**Collected data entries**
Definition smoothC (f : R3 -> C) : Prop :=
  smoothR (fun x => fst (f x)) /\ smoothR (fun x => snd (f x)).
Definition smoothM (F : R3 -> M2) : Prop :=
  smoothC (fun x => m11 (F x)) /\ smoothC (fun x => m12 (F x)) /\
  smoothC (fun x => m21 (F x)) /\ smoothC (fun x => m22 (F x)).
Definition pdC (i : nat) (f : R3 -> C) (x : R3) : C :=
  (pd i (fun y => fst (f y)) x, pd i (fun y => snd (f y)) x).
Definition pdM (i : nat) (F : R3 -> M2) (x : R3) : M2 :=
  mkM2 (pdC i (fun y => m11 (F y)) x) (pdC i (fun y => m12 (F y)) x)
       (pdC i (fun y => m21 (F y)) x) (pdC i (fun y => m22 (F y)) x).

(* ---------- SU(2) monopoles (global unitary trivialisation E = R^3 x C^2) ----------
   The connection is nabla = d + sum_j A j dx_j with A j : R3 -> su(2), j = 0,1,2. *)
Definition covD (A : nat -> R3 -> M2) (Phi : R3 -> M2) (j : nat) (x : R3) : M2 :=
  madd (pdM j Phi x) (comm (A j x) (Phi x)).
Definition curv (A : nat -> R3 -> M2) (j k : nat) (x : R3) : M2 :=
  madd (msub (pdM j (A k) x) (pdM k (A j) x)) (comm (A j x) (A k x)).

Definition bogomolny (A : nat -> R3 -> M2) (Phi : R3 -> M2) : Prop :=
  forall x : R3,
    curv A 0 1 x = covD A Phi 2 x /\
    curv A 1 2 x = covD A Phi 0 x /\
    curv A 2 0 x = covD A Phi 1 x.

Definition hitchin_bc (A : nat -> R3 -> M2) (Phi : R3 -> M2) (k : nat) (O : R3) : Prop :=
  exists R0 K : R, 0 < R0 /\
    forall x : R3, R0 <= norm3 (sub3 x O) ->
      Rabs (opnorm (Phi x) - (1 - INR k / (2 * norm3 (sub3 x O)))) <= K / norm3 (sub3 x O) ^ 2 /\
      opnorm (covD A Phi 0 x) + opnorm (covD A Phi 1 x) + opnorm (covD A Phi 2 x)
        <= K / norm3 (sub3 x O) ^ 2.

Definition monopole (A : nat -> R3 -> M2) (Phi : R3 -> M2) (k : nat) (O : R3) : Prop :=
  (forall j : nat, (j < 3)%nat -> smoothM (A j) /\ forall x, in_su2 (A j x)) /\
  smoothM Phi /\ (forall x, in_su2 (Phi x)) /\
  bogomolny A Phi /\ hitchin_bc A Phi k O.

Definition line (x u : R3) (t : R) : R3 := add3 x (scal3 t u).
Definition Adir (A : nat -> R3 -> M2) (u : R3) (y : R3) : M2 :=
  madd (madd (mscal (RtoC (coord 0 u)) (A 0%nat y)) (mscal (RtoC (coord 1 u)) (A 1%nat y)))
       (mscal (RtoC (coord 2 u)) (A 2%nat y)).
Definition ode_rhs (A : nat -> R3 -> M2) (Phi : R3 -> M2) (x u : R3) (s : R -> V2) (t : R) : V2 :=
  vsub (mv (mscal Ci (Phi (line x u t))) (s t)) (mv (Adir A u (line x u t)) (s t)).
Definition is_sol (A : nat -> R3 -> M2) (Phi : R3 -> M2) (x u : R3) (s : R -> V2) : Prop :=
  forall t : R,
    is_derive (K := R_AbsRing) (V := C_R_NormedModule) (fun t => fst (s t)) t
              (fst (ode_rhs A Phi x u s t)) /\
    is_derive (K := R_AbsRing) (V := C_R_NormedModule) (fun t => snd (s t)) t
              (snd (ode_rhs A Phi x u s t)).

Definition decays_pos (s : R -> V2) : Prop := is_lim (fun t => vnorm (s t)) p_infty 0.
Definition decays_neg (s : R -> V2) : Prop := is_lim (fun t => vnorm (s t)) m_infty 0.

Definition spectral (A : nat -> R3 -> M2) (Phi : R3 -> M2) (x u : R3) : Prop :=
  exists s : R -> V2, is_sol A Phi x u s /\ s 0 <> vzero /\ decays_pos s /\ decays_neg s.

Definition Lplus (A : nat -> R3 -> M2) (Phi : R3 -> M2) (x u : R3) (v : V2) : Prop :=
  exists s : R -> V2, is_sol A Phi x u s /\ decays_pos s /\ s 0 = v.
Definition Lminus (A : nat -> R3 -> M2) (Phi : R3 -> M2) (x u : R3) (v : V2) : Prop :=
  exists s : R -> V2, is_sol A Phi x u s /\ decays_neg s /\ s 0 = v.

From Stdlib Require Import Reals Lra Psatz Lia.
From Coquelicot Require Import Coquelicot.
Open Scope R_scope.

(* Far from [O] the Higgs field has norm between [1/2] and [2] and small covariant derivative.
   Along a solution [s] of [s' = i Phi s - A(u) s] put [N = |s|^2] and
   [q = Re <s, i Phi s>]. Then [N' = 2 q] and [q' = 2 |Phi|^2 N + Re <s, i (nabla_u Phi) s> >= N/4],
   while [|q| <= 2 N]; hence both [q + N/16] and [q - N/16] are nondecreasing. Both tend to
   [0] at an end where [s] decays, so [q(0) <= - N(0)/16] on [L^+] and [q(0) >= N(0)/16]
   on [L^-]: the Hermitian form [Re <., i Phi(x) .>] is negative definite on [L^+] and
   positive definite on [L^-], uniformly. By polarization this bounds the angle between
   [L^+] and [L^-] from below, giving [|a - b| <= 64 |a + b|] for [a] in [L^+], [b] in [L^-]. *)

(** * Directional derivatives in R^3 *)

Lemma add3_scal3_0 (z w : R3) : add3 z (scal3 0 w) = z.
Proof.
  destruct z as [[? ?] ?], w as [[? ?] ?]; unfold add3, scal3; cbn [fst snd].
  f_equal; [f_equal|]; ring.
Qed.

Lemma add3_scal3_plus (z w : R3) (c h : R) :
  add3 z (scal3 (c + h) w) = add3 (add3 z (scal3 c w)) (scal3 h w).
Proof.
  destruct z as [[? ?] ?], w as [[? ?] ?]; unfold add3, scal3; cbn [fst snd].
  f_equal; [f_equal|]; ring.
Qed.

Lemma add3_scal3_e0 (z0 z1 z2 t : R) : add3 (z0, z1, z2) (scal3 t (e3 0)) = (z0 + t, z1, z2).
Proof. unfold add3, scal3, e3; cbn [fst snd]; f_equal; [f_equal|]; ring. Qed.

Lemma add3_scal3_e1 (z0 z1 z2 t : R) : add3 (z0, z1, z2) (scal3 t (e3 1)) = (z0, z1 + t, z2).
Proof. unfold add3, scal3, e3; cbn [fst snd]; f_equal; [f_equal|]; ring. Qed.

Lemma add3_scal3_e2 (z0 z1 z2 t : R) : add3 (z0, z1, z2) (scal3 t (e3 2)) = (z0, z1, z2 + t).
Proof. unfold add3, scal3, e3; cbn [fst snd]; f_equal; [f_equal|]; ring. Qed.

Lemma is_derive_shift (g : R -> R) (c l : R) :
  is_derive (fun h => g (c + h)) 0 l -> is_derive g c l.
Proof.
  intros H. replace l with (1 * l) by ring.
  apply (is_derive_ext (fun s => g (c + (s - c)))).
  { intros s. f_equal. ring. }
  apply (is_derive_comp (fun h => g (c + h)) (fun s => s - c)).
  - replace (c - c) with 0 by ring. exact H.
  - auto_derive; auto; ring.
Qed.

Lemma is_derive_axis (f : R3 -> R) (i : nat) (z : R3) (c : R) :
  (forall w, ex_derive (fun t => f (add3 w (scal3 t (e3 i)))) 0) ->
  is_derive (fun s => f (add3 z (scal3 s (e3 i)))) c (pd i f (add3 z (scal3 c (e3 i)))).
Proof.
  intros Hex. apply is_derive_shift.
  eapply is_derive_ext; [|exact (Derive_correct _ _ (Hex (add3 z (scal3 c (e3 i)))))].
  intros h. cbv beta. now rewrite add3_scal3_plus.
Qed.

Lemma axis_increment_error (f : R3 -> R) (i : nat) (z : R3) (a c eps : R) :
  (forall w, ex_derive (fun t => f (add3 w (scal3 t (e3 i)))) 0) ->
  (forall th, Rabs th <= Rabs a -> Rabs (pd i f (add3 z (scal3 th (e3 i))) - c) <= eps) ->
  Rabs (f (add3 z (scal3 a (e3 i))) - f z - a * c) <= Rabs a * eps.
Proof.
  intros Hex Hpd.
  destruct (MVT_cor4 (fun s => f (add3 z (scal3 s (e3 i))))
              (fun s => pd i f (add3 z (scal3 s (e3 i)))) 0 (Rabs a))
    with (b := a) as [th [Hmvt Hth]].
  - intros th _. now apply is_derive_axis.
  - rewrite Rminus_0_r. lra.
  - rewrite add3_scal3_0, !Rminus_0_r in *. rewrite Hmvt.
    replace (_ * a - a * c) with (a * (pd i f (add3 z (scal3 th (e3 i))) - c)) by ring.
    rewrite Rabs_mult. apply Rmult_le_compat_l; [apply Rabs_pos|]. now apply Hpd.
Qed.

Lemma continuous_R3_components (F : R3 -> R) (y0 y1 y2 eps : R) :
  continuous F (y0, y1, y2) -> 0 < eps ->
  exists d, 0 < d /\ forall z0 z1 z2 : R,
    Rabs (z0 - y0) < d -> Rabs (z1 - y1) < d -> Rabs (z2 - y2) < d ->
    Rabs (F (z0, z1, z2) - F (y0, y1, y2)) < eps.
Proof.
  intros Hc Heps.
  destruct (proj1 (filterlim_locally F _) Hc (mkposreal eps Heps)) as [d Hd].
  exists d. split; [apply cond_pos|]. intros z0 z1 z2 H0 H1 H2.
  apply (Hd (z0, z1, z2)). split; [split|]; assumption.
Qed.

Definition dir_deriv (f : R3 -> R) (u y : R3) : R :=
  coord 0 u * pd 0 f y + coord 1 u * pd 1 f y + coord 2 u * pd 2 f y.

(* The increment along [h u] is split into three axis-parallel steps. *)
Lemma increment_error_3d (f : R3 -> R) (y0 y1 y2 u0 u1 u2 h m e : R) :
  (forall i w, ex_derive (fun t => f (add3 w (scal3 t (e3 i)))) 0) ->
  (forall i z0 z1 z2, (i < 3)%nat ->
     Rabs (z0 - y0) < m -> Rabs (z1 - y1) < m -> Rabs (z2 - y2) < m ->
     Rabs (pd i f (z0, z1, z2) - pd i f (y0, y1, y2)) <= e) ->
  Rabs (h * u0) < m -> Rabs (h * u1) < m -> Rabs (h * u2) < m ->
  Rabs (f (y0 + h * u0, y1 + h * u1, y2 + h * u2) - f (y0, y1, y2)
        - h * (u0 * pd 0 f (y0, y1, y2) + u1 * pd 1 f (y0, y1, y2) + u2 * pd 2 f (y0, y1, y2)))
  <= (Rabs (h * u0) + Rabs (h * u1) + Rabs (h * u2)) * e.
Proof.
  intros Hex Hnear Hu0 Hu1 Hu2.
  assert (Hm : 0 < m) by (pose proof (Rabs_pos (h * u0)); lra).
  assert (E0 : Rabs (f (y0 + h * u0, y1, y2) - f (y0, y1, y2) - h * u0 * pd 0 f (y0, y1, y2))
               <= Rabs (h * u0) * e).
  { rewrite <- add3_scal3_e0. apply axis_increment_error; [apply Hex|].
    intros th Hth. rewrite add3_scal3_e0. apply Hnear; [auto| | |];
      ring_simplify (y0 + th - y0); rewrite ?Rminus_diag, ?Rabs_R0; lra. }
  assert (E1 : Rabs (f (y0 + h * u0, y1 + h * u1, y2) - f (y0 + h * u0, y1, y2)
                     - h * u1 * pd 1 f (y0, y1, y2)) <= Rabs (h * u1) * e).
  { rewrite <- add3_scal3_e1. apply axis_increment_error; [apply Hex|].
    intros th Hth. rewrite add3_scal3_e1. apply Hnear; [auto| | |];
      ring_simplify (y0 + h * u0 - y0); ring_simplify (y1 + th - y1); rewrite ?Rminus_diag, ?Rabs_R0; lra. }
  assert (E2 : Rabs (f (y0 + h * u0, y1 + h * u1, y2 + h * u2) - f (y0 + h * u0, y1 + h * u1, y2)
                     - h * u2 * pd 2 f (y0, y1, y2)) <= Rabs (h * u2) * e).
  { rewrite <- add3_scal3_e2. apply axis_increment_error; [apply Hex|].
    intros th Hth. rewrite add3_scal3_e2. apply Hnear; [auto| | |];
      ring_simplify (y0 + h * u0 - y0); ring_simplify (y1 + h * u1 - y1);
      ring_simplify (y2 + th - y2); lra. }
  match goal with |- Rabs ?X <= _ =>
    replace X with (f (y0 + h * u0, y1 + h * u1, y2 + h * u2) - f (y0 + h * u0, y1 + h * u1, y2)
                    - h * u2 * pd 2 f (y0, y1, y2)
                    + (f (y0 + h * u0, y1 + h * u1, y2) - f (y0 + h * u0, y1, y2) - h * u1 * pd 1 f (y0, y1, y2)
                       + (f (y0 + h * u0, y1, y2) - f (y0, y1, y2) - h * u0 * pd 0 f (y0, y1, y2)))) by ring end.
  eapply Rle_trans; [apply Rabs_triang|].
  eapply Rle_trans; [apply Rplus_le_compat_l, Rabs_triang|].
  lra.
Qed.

**Problem description**
Where the data above reaches the line holding "Lemma add3_scal3_plus (z", begin printing, and stop after the line holding "Lemma add3_scal3_e1 (z0". Each line must be reproduced exactly, with nothing else added.

**Answer section**
Lemma add3_scal3_plus (z w : R3) (c h : R) :
  add3 z (scal3 (c + h) w) = add3 (add3 z (scal3 c w)) (scal3 h w).
Proof.
  destruct z as [[? ?] ?], w as [[? ?] ?]; unfold add3, scal3; cbn [fst snd].
  f_equal; [f_equal|]; ring.
Qed.

Lemma add3_scal3_e0 (z0 z1 z2 t : R) : add3 (z0, z1, z2) (scal3 t (e3 0)) = (z0 + t, z1, z2).
Proof. unfold add3, scal3, e3; cbn [fst snd]; f_equal; [f_equal|]; ring. Qed.

Lemma add3_scal3_e1 (z0 z1 z2 t : R) : add3 (z0, z1, z2) (scal3 t (e3 1)) = (z0, z1 + t, z2).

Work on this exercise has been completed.